Section KempeChain.
Variables (d k : nat) (G : rel 'I_d) (W : {set 'I_d}) (i j : 'I_k).
Implicit Types f : 'I_d -> 'I_k.

Definition bicolored f := [set u in W | (f u == i) || (f u == j)].

Definition kempe_rel f := [rel a b | [&& a \in bicolored f, b \in bicolored f & G a b]].

Definition kempe_chain f v := [set u | connect (kempe_rel f) v u].

Definition kempe_flip f v u := if u \in kempe_chain f v then swap_col i j (f u) else f u.

Lemma kempe_switch_flip f v : (i < j)%N -> v \in bicolored f ->
  kempe_switch G W f (kempe_flip f v).
Proof.
move=> lt_ij vH; exists i, j, v; split=> // u; rewrite /kempe_flip; first by move->.
by rewrite inE => /andP[/negbTE->].
Qed.

Lemma recolors_pair_bicolored f f' : recolors_pair W i j f f' -> bicolored f' = bicolored f.
Proof.
move=> rec; apply/setP => v; rewrite !inE; have [vW|//] := boolP (v \in W).
by case/orP: (rec v vW) => /eqP->; rewrite ?swap_col_pair.
Qed.

Lemma recolors_pair_moved f f' v : recolors_pair W i j f f' -> v \in W -> f' v != f v ->
  v \in bicolored f.
Proof.
move=> rec vW; rewrite inE vW /=; apply: contraR => fv.
by have := rec v vW; rewrite swap_col_out // orbb.
Qed.

Lemma kempe_chain_bicolored f v u : v \in bicolored f -> u \in kempe_chain f v ->
  u \in bicolored f.
Proof.
move=> vH; rewrite inE => /closed_connect <- //.
by move=> a b /and3P[-> -> _].
Qed.

Lemma kempe_flip_coloring f v : ssrbool.symmetric G -> coloring G W f -> v \in bicolored f ->
  coloring G W (kempe_flip f v).
Proof.
move=> symG fW vH; set C := kempe_chain f v.
have across u w : u \in C -> w \in W -> w \notin C -> G u w ->
    kempe_flip f v u != kempe_flip f v w.
  move=> uC wW wC uw; rewrite /kempe_flip uC (negbTE wC).
  have uH := kempe_chain_bicolored vH uC.
  have wH : w \notin bicolored f.
    apply: contra wC => wH; rewrite inE; apply: (connect_trans (y := u)).
      by move: uC; rewrite inE.
    by apply: connect1; rewrite /= uH wH.
  apply: contra wH => /eqP fuw; rewrite inE wW -fuw swap_col_pair.
  by move: uH; rewrite inE => /andP[].
move=> u w uW wW uw.
have [uC|nuC] := boolP (u \in C); have [wC|nwC] := boolP (w \in C).
- by rewrite /kempe_flip uC wC (inj_eq (can_inj (swap_colK i j))) fW.
- exact: across.
- by rewrite eq_sym across // symG.
- by rewrite /kempe_flip (negbTE nuC) (negbTE nwC) fW.
Qed.

Section FlipTowards.
Variables (f f' : 'I_d -> 'I_k) (v : 'I_d).
Hypotheses (fW : coloring G W f) (f'W : coloring G W f') (rec : recolors_pair W i j f f').
Hypotheses (vW : v \in W) (f'v : f' v != f v).
Lemma proj_image_match (F : finFieldType) (k n : nat) (A : 'M[F]_k)
    (X X' : 'I_n -> 'cV[F]_k) :
  A \in unitmx -> distinct_points X -> proj_image A X X' ->
  exists tau : 'I_n -> 'I_n, injective tau /\
    forall j, exists2 c : F, c != 0 & X j = c *: (invmx A *m X' (tau j)).
Proof.
move=> uA [_ X_inj] [AX_X' _].
have AX_X'2 j : exists p : 'I_n * F, p.2 != 0 /\ A *m X j = p.2 *: X' p.1.
  by have [j' [c e]] := AX_X' j; exists (j', c).
have [tc Htc] := fin_all_exists AX_X'2.
have XE j : X j = (tc j).2 *: (invmx A *m X' (tc j).1).
  by rewrite scalemxAr -(proj2 (Htc j)) mulKmx.
exists (fun j => (tc j).1); split=> [j1 j2 /= e|j]; last first.
  by exists (tc j).2; [exact: (proj1 (Htc j)) | exact: XE].
apply: X_inj; exists ((tc j1).2 / (tc j2).2); split.
  by rewrite mulf_eq0 negb_or (proj1 (Htc j1)) invr_eq0 (proj1 (Htc j2)).
by rewrite (XE j1) (XE j2) e scalerA mulfVK ?(proj1 (Htc j2)).
Qed.

Theorem theorem7p7 (F : finFieldType) (k n : nat) (X X' : 'I_n -> 'cV[F]_k)
  (L L' : {mpoly F[k]}) (A : 'M[F]_k) (r r' : nat) (Phi Phi' : {mpoly F[k]} -> F) :
  (2 <= n)%N ->
  distinct_points X -> distinct_points X' ->
  L \is 1.-homog -> L' \is 1.-homog ->
  (forall j, ev L (X j) != 0) -> (forall j, ev L' (X' j) != 0) ->
  is_regidx X r -> is_regidx X' r' ->
  macaulay_inv X L r Phi -> macaulay_inv X' L' r' Phi' ->
  A \in unitmx -> lamA A L = L' ->
  proj_image A X X' ->
  r = r' /\
  exists c : F, c != 0 /\
    forall g : {mpoly F[k]}, g \is (2 * r).-1.-homog -> Phi' (lamA A g) = c * Phi g.
Proof.
move=> n_ge2 dX _ hL _ _ _ regX regX' Phi_inv Phi'_inv uA LL' XX'.
have uM : invmx A \in unitmx by rewrite unitmx_inv.
have [tau [tau_inj match_X]] := proj_image_match uA dX XX'.
have r_eq : r = r' := is_regidx_eq (dimR_match uM tau_inj match_X) regX regX'.
subst r' L'; split=> //.
have [c Phi'E] : exists c : F, forall g, g \is (2 * r).-1.-homog ->
    Phi' (lin_subst (invmx A) g) = c * Phi g.
  apply: (macaulay_inv_dhomog Phi_inv (in_Hom_deg_lin_subst _ (proj1 Phi'_inv))).
  move=> h hJ g; rewrite rmorphM /=.
  exact: (macaulay_inv_perp Phi'_inv _ (inJhat_match uM tau_inj match_X hL hJ)).
exists c; split=> //.
have [g' hg' Phi'g'] := macaulay_inv_neq0 Phi'_inv n_ge2.
apply: contraNneq Phi'g' => c0.
by rewrite -(lin_substK uA g') Phi'E ?c0 ?mul0r // lin_subst_dhomog.
Qed.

_Description of the task_
Repeat exactly, please, each line from the beginning of the data through the line with "kempe_flip f v u != kempe_flip f v w." in it, and only those lines.

_Response for this exercise_
Section KempeChain.
Variables (d k : nat) (G : rel 'I_d) (W : {set 'I_d}) (i j : 'I_k).
Implicit Types f : 'I_d -> 'I_k.

Definition bicolored f := [set u in W | (f u == i) || (f u == j)].

Definition kempe_rel f := [rel a b | [&& a \in bicolored f, b \in bicolored f & G a b]].

Definition kempe_chain f v := [set u | connect (kempe_rel f) v u].

Definition kempe_flip f v u := if u \in kempe_chain f v then swap_col i j (f u) else f u.

Lemma kempe_switch_flip f v : (i < j)%N -> v \in bicolored f ->
  kempe_switch G W f (kempe_flip f v).
Proof.
move=> lt_ij vH; exists i, j, v; split=> // u; rewrite /kempe_flip; first by move->.
by rewrite inE => /andP[/negbTE->].
Qed.

Lemma recolors_pair_bicolored f f' : recolors_pair W i j f f' -> bicolored f' = bicolored f.
Proof.
move=> rec; apply/setP => v; rewrite !inE; have [vW|//] := boolP (v \in W).
by case/orP: (rec v vW) => /eqP->; rewrite ?swap_col_pair.
Qed.

Lemma recolors_pair_moved f f' v : recolors_pair W i j f f' -> v \in W -> f' v != f v ->
  v \in bicolored f.
Proof.
move=> rec vW; rewrite inE vW /=; apply: contraR => fv.
by have := rec v vW; rewrite swap_col_out // orbb.
Qed.

Lemma kempe_chain_bicolored f v u : v \in bicolored f -> u \in kempe_chain f v ->
  u \in bicolored f.
Proof.
move=> vH; rewrite inE => /closed_connect <- //.
by move=> a b /and3P[-> -> _].
Qed.

Lemma kempe_flip_coloring f v : ssrbool.symmetric G -> coloring G W f -> v \in bicolored f ->
  coloring G W (kempe_flip f v).
Proof.
move=> symG fW vH; set C := kempe_chain f v.
have across u w : u \in C -> w \in W -> w \notin C -> G u w ->
    kempe_flip f v u != kempe_flip f v w.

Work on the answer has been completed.